* [The problem]
Whenever a line in the records below contains "same", pick it out.

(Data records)
Definition on_ellipse (O : point) (a b c : R) (p : point) : Prop :=
  let X := fst p - fst O in let Y := snd p - snd O in
  a * X * X + 2 * b * X * Y + c * Y * Y = 1.

Definition ellipse_inside_circle (O : point) (a b c r : R) : Prop :=
  forall p, on_ellipse O a b c p -> vnorm (vsub p O) < r.

Definition tangent_line (O : point) (a b c : R) (p q : point) : Prop :=
  p <> q /\
  exists! t : R, on_ellipse O a b c (fst p + t * (fst q - fst p),
                                     snd p + t * (snd q - snd p)).

(* (u_0, ..., u_{n-1}) (indices mod n) is a Poncelet n-gon for the pair
   (circle(O,r), ellipse(O,a,b,c)): vertices on the circle, sides tangent to
   the ellipse, and consecutive sides are distinct tangent lines, i.e. the
   polygon is obtained by successively drawing the *other* tangent line
   (no back-tracking u_{i+2} = u_i). *)
Definition poncelet_ngon (O : point) (r a b c : R) (n : nat) (u : nat -> point)
  : Prop :=
  forall i, (i < n)%nat ->
    on_circle O r (u i) /\
    tangent_line O a b c (u i) (u (S i mod n)) /\
    u i <> u (S (S i) mod n).

(* v belongs to the Poncelet family of u: v is a Poncelet n-gon for the same
   pair, traversed in the same rotational sense about O as u. *)
Definition in_poncelet_family (O : point) (r a b c : R) (n : nat)
  (u v : nat -> point) : Prop :=
  poncelet_ngon O r a b c n v /\
  0 < cross (vsub (u 0%nat) O) (vsub (u (1 mod n)%nat) O) *
      cross (vsub (v 0%nat) O) (vsub (v (1 mod n)%nat) O).
(** * Base-[Q] arithmetic *)

Lemma pow_div_pow_near_int Q k j : 1 <= Q -> is_int Q ->
  exists M, is_int M /\ 0 <= Q ^ k / Q ^ (j + 1) - M <= 1 / Q.
Proof.
  intros HQ HQi. assert (Hj : 0 < Q ^ (j + 1)) by (apply pow_lt; lra).
  destruct (le_lt_dec (j + 1) k) as [Hk | Hk].
  - exists (Q ^ (k - (j + 1))). split; auto with int.
    replace (Q ^ k) with (Q ^ (j + 1) * Q ^ (k - (j + 1))) by (rewrite <- pow_add; f_equal; lia).
    replace (Q ^ (j + 1) * Q ^ (k - (j + 1)) / Q ^ (j + 1) - Q ^ (k - (j + 1))) with 0
      by (field; lra).
    split; [lra | apply Rdiv_le_0_compat; lra].
  - exists 0. split; auto with int. rewrite Rminus_0_r.
    replace (Q ^ (j + 1)) with (Q ^ k * Q ^ (j + 1 - k)) by (rewrite <- pow_add; f_equal; lia).
    assert (0 < Q ^ k) by (apply pow_lt; lra).
    assert (Q <= Q ^ (j + 1 - k)) by (rewrite <- (pow_1 Q) at 1; apply Rle_pow; lia || lra).
    replace (Q ^ k / (Q ^ k * Q ^ (j + 1 - k))) with (1 / Q ^ (j + 1 - k)) by (field; lra).
    split; [apply Rdiv_le_0_compat; lra |].
    unfold Rdiv; apply Rmult_le_compat_l; [lra | apply Rinv_le_contravar; lra].
Qed.

(* [radix_tail Q a k n] is the base-[Q] fraction [0.a_k a_(k+1) ... a_(k+n-1)]. *)
Fixpoint radix_tail (Q : R) (a : nat -> R) (k n : nat) : R :=
  match n with O => 0 | S n => (a k + radix_tail Q a (S k) n) / Q end.

Lemma radix_tail_bounds Q a k n : 1 <= Q -> (forall i, 0 <= a i <= Q - 1) ->
  0 <= radix_tail Q a k n < 1.
Proof.
  intros HQ Ha. revert k; induction n as [| n IH]; intros k; simpl; [lra |].
  destruct (IH (S k)), (Ha k). split.
  - apply Rdiv_le_0_compat; lra.
  - apply Rlt_div_l; lra.
Qed.

Lemma radix_tail_shift Q a k n : Q <> 0 -> is_int Q -> (forall i, is_int (a i)) ->
  is_int (Q ^ k * radix_tail Q a 0 (k + n) - radix_tail Q a k n).
Proof.
  intros HQ HQi Ha. revert n; induction k as [| k IH]; intros n.
  - replace (Q ^ 0 * radix_tail Q a 0 (0 + n) - radix_tail Q a 0 n) with 0
      by (simpl; ring). auto with int.
  - specialize (IH (S n)). rewrite Nat.add_succ_r in IH. simpl radix_tail in IH.
    replace (Q ^ S k * radix_tail Q a 0 (S k + n) - radix_tail Q a (S k) n)
      with (Q * (Q ^ k * radix_tail Q a 0 (S (k + n)) - (a k + radix_tail Q a (S k) n) / Q) + a k)
      by (simpl; field; auto).
    auto with int.
Qed.

Lemma Int_part_digit Q x : 1 <= Q -> is_int Q -> T1 x ->
  let a := IZR (Int_part (Q * x)) in 0 <= a <= Q - 1 /\ a <= Q * x < a + 1.
Proof.
  intros HQ HQi Hx a. unfold T1 in Hx.
  destruct (base_Int_part (Q * x)) as [H1 H2]. fold a in H1, H2.
  assert (a <= Q * x < a + 1) by lra.
  assert (Q * x < Q) by nra.
  destruct (is_int_trichotomy a ltac:(unfold a; auto with int)) as [Ha | [Ha | Ha]];
    [| | nra];
  destruct (is_int_trichotomy (Q - a) ltac:(unfold a; auto with int)) as [Hb | [Hb | Hb]];
    lra.
Qed.

Lemma radix_digit_approx Q a X x : 0 < Q -> a <= Q * x < a + 1 -> 0 <= X < 1 ->
  Rabs ((a + X) / Q - x) <= 1 / Q.
Proof.
  intros HQ Ha HX.
  replace ((a + X) / Q - x) with ((a - Q * x + X) / Q) by (field; lra).
  unfold Rdiv. rewrite Rabs_mult, (Rabs_right (/ Q)) by (apply Rle_ge, Rlt_le, Rinv_0_lt_compat; lra).
  apply Rmult_le_compat_r; [apply Rlt_le, Rinv_0_lt_compat; lra |].
  apply Rabs_le; lra.
Qed.

Lemma radix_approx Q m (x : nat -> R) : 1 <= Q -> is_int Q ->
  exists P, is_int P /\ forall k, (k < m)%nat ->
    exists n, is_int n /\ Rabs (Q ^ k * P / Q ^ m - x k - n) <= 1 / Q.
Proof.
  intros HQ HQi.
  set (a := fun k => IZR (Int_part (Q * frac_part (x k)))).
  assert (Ha : forall k, 0 <= a k <= Q - 1 /\ a k <= Q * frac_part (x k) < a k + 1)
    by (intros; apply Int_part_digit; auto using T1_frac_part).
  assert (Hai : forall i, is_int (a i)) by (intros; apply is_int_IZR).
  set (X := fun k => radix_tail Q a k (m - k)).
  assert (HX : forall k, (k <= m)%nat -> is_int (Q ^ k * X 0%nat - X k)).
  { intros k Hk. pose proof (radix_tail_shift Q a k (m - k) ltac:(lra) HQi Hai) as H.
    replace (k + (m - k))%nat with m in H by lia. unfold X; cbv beta. now rewrite Nat.sub_0_r. }
  pose proof (pow_lt Q m ltac:(lra)).
  exists (Q ^ m * X 0%nat). split.
  { specialize (HX m (le_n m)). unfold X in HX; cbv beta in HX.
    rewrite Nat.sub_diag, Rminus_0_r in HX. exact HX. }
  intros k Hk. pose proof (HX k ltac:(lia)).
  exists (Q ^ k * X 0%nat - X k - (x k - frac_part (x k))). split; [auto with int |].
  replace (Q ^ k * (Q ^ m * X 0%nat) / Q ^ m - x k - (Q ^ k * X 0%nat - X k - (x k - frac_part (x k))))
    with (X k - frac_part (x k)) by (field; lra).
  assert (HXk : X k = (a k + X (S k)) / Q)
    by (unfold X; replace (m - k)%nat with (S (m - S k)) by lia; reflexivity).
  rewrite HXk. apply radix_digit_approx; [lra | apply Ha |].
  apply radix_tail_bounds; [lra | intros; apply Ha].
Qed.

* [Answer section]
(* v belongs to the Poncelet family of u: v is a Poncelet n-gon for the same
   pair, traversed in the same rotational sense about O as u. *)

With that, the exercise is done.